05/01/2023
OCTOBER 28TH, 2022
WYRMWOOD: ROAD OF THE DEAD
Directed By KIAH ROCHE-TURNER
Written By KIAH ROCHE-TURNER and TRISTAN ROCHE-TURNER
CAST: Jay Gallagher, Bianca Bradey, Leon Burchill, Keith Agius,
Berynn Schwerdt, Luke McKenzie, Catherine Terracini, Meaganne West.
RT: 98 MIN.
As it goes in a lot of cases dealing with the things I watch, I’d seen the trailers for this, way back when it was first released, and I was impressed, but with the sheer number of movies I have to mull over, it somehow fell between the cracks, so to speak.
Then I got to see a great little asskicker called NEKROTRONIC, and I remembered that the Brothers Roche-Turner had also done WYRMWOOD. So, no better time than October of ’22 to play catch-up!
And was I happy I did! Films like THE SADNESS, TRAIN TO BUSAN and THE NIGHT EATS THE WORLD have recently breathed new, shambling life into the zombie sub-genre, but this was doing it AGES before. It surprised me how this could be coming out just now, and be a smash hit with the right M&P.
If you haven’t seen it yet, what’s it like? Well, think of what would happen if MAD MAX’S George Miller directed a zombie picture, written by a pre-LORD OF THE RINGS Peter Jackson. Or SHAUN OF THE DEAD’s Edgar Wright.
I swear, this is the fastest 98 minutes I’ve ever spent with a horror film, because once the action starts, it barely lets up for a breather. If you did this as a double with TRAIN TO BUSAN, you’d probably need heart pills!
In the Australian Outback, mechanic Barry (JAY GALLAGHER) witnesses a strange meteor shower with his wife, Annie, (CATHERINE TERRACINI), and daughter, Meaganne (MEAGANNE WEST).
Meanwhile, Barry’s photographer sister, Brooke (BIANCA BRADEY) is hard at work in her studio out in Victoria, with her latest model and assistant, when without warning, the two of them decide to take a break. A ZOMBIE BREAK, where they transform and promptly try to eat Brooke. It’s only by some athletic quick thinking that she survives.
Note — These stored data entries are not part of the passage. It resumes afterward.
Lemma ztraceC f g : center_linear f -> center_linear g ->
  ztrace (f \o g) = ztrace (g \o f).
Proof.
move=> lin_f lin_g; rewrite !ztrace_comp // exchange_big.
apply: eq_bigr => j _; apply: eq_bigr => l _.
exact/esym/centerP/zcoord_center.
Qed.

Definition lrtrace (y x : A) : A := ztrace (fun u => x * u * y).

Fact lrtrace_is_zmod_morphism y : zmod_morphism (lrtrace y).
Proof.
by move=> x1 x2; rewrite -sumrB; apply: eq_bigr => j _; rewrite !mulrBl raddfB.
Qed.

HB.instance Definition _ y :=
  GRing.isZmodMorphism.Build A A (lrtrace y) (lrtrace_is_zmod_morphism y).

Lemma lrtrace_comm y a b : lrtrace y (a * b - b * a) = 0.
Proof.
have lin_l : center_linear ( *%R a).
  by split => [u v | z u /centerP cz]; rewrite /= ?mulrDr // mulrA -cz mulrA.
have lin_ry : center_linear (fun u => b * u * y).
  by split => [u v | z u /centerP cz]; rewrite ?mulrDr ?mulrDl // mulrA -cz !mulrA.
apply/eqP; rewrite raddfB subr_eq0; apply/eqP.
have := ztraceC lin_l lin_ry; rewrite /ztrace /=.
by under eq_bigr do rewrite !mulrA; under [RHS]eq_bigr do rewrite !mulrA.
Qed.

Lemma lrtrace_commutator_span y x : in_commutator_span x -> lrtrace y x = 0.
Proof.
by move=> [n [a [b ->]]]; rewrite raddf_sum big1 // => i _; apply: lrtrace_comm.
Qed.

Definition sandwich_null (a : 'I_m -> A) := forall u, \sum_i a i * u * w i = 0.

Lemma sandwich_nullMl p a : sandwich_null a -> sandwich_null (fun i => p * a i).
Proof.
move=> a0 u; transitivity (p * \sum_i a i * u * w i); last by rewrite a0 mulr0.
by rewrite mulr_sumr; apply: eq_bigr => i _; rewrite !mulrA.
Qed.

Lemma sandwich_nullMr q a : sandwich_null a -> sandwich_null (fun i => a i * q).
Proof. by move=> a0 u; under eq_bigr do rewrite -(mulrA (a _)); apply: a0. Qed.

Lemma sandwich_nullB a b :
  sandwich_null a -> sandwich_null b -> sandwich_null (fun i => a i - b i).
Proof.
move=> a0 b0 u; transitivity (\sum_i a i * u * w i - \sum_i b i * u * w i).
  by rewrite -sumrB; apply: eq_bigr => i _; rewrite !mulrBl.
by rewrite a0 b0 subr0.
Qed.

Lemma sandwich_null_sum n (a : 'I_n -> 'I_m -> A) :
  (forall l, sandwich_null (a l)) -> sandwich_null (fun i => \sum_l a l i).
Proof.
move=> a0 u; under eq_bigr do rewrite !mulr_suml.
by rewrite exchange_big big1 // => l _; apply: a0.
Qed.

Lemma sandwich_null_normalize a i0 : sandwich_null a -> a i0 != 0 ->
  exists2 a', sandwich_null a' & a' i0 = 1 /\
    [set i | a' i != 0] \subset [set i | a i != 0].
Proof.
move=> a0 /simple_sandwich1 [n [g [h E]]].
exists (fun i => \sum_l g l * a i * h l).
  by apply: sandwich_null_sum => l; apply/sandwich_nullMr/sandwich_nullMl.
split; first by rewrite E.
apply/subsetP => i; rewrite !inE; apply: contraNneq => ->.
by rewrite big1 // => l _; rewrite mulr0 mul0r.
Qed.

Lemma sandwich_null_eq0 a : sandwich_null a -> forall i, a i = 0.
Proof.
move: {2}#|_| (leqnn #|[set i | a i != 0]|) => n; elim: n a => [|n IH] a.
  rewrite leqn0 => /eqP/card0_eq supp0 _ i; apply/eqP.
  by have := supp0 i; rewrite !inE => /negbFE.
move=> supp_a a0 i0; apply/eqP/negP => /negP ai0_neq0.
have [a' a'0 [a'i0 supp_a']] := sandwich_null_normalize a0 ai0_neq0.
have a'_center i : a' i \in 'Z(fullv)%VS.
  apply/centerP => y; apply/eqP; rewrite -subr_eq0; apply/eqP; move: i.
  apply: (IH (fun i => a' i * y - y * a' i)); last first.
    exact/sandwich_nullB/sandwich_nullMl/a'0/sandwich_nullMr.
  have supp_b :
      [set i | a' i * y - y * a' i != 0] \subset [set i | a i != 0] :\ i0.
    apply/subsetP => i; rewrite !inE; case: (eqVneq i i0) => [-> | _ /= b_neq0].
      by rewrite a'i0 mulr1 mul1r subrr eqxx.
    have a'_neq0 : a' i != 0.
      by apply: contraNneq b_neq0 => ->; rewrite mul0r mulr0 subrr.
    by have := subsetP supp_a' i; rewrite !inE; apply.
  apply: leq_trans (subset_leq_card supp_b) _.
  by move: supp_a; rewrite (cardsD1 i0) inE ai0_neq0.
have a'_sum0 : \sum_i a' i * w i = 0.
  by rewrite -[RHS](a'0 1); apply: eq_bigr => i _; rewrite mulr1.
by move/eqP: (w_free a'_center a'_sum0 i0); rewrite a'i0 (negbTE simpleA.1).
Qed.

Definition sandwich_map (a : {ffun 'I_m -> A}) : {ffun 'I_m -> A} :=
  [ffun j => \sum_i a i * w j * w i].

Fact sandwich_map_is_linear : linear sandwich_map.
Proof.
move=> k a b; apply/ffunP => j; rewrite !ffunE scaler_sumr -big_split.
by apply: eq_bigr => i _; rewrite !ffunE !mulrDl -!scalerAl.
Qed.

HB.instance Definition _ := GRing.isSemilinear.Build F {ffun 'I_m -> A}
  {ffun 'I_m -> A} _ sandwich_map (GRing.semilinear_linear sandwich_map_is_linear).

Lemma lker0_sandwich_map : lker (linfun sandwich_map) == 0%VS.
Proof.
rewrite -subv0; apply/subvP => a; rewrite memv_ker lfunE memv0 => /eqP Ga0.
apply/eqP/ffunP => i; rewrite ffunE; move: i; apply: sandwich_null_eq0 => u.
transitivity (\sum_j zcoord j u * sandwich_map a j).
  rewrite {1}[u]zcoordE; under eq_bigr do rewrite mulr_sumr mulr_suml.
  rewrite exchange_big; apply: eq_bigr => j _; rewrite ffunE mulr_sumr.
  by apply: eq_bigr => i _; rewrite !mulrA (centerP _ (zcoord_center j u)).
by rewrite Ga0 big1 // => j _; rewrite ffunE mulr0.
Qed.

Lemma exists_lrtrace_sum1 : exists a : 'I_m -> A, \sum_i lrtrace (w i) (a i) = 1.
Proof.
have m_gt0 : (0 < m)%N.
  rewrite lt0n; apply: contraNneq simpleA.1 => m0.
  rewrite (zcoordE 1) big1 // => i.
  by move: (ltn_ord i); rewrite [X in (_ < X)%N]m0.
pose i0 := Ordinal m_gt0.
pose t : {ffun 'I_m -> A} := [ffun j => if j == i0 then w j else 0].
pose a := ((linfun sandwich_map)^-1)%VF t.
have Ga : sandwich_map a = t.
  by rewrite -(lfunE sandwich_map) lker0_lfunVK ?lker0_sandwich_map.
exists a; transitivity (\sum_j zcoord j (t j)).
  by rewrite -Ga exchange_big; apply: eq_bigr => j _; rewrite ffunE raddf_sum.
rewrite (bigD1 i0) //= big1 => [|j /negbTE j_neq]; rewrite ffunE ?j_neq ?raddf0 //.
by rewrite eqxx zcoord_basis eqxx addr0.
Qed.

End CenterCoordinates.

Lemma all_in_commutator_span (c : A) : c != 0 ->
  (forall a, in_commutator_span (c * a)) -> forall x : A, in_commutator_span x.
Proof.
move=> /simple_sandwich1 [n [g [h E]]] cA x.
rewrite -[x]mul1r E mulr_suml; apply: in_commutator_span_sum => i _.
set y := h i * x.
have -> : g i * c * h i * x = (g i * (c * y) - c * y * g i) + c * (y * g i).
  by rewrite !mulrA subrK.
exact/in_commutator_spanD/cA/in_commutator_span_comm.
Qed.

Lemma not_all_in_commutator_span : ~ (forall x : A, in_commutator_span x).
Proof.
move=> all_comm; have [m [w [w_free w_spans]]] := exists_center_basis.
have [a sum1] := exists_lrtrace_sum1 w_free w_spans.
move: simpleA.1; rewrite -sum1 big1 ?eqxx // => i _.
exact: lrtrace_commutator_span.
Qed.

End Simple.

Theorem lemma2p1 (F : fieldType) (A : falgType F) (c : A) :
  simple_algebra A ->
  (forall a : A, in_commutator_span (c * a)) ->
  c = 0.
Proof.
move=> simpleA cA; apply/eqP; apply: contraT => c_neq0; exfalso.
apply: (not_all_in_commutator_span simpleA).
exact: (all_in_commutator_span simpleA c_neq0 cA).
Qed.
The first thing she does when she can, she calls her brother and warns Barry to take Annie and Meaganne and G**O of the city ASAP. Donning masks, the three have to fight their way out to the car, as the entire neighborhood goes over zombie, DAWN OF THE DEAD-remake style.
Amidst all the carnage, they manage to get away, but not very far, before the car stalls. And it gets worse. Even though they wore gas masks, Barry’s wife and daughter both mutate, and he has no choice but to kill them with the nailgun he’s been using as a weapon, discovering that he’s out of ammo when he tries to kill himself with it.
There’s so much more I want to tell you about what happens next, and all of it batsh*t crazy. But all you need to know is that with his family gone, Barry’s one goal becomes a quest to get to Brooke’s Victoria studio and make sure she’s okay, (she’s not, of course, but I’ll leave it to you to find out what happens.)
Obviously, these filmmaking brothers have learned a lot from watching the works of Miller, Jackson, etc., because as it was evident in NEKROTRONIC, they keep the kinetic, rapid-fire fights, chases and chaos going, stopping only here and there for a little exposition and to allow you to get to know some characters (just don’t get too attached to any of them…you’ve been warned.)
Once the credits started to roll on this baby, it didn’t take more than a few seconds to decide to cue up the sequel.
WYRMWOOD is B-movie zombie pulp fiction served the way this kind of movie should be: fresh, hot and bloody, leaving you wanting more. Four out of five stars.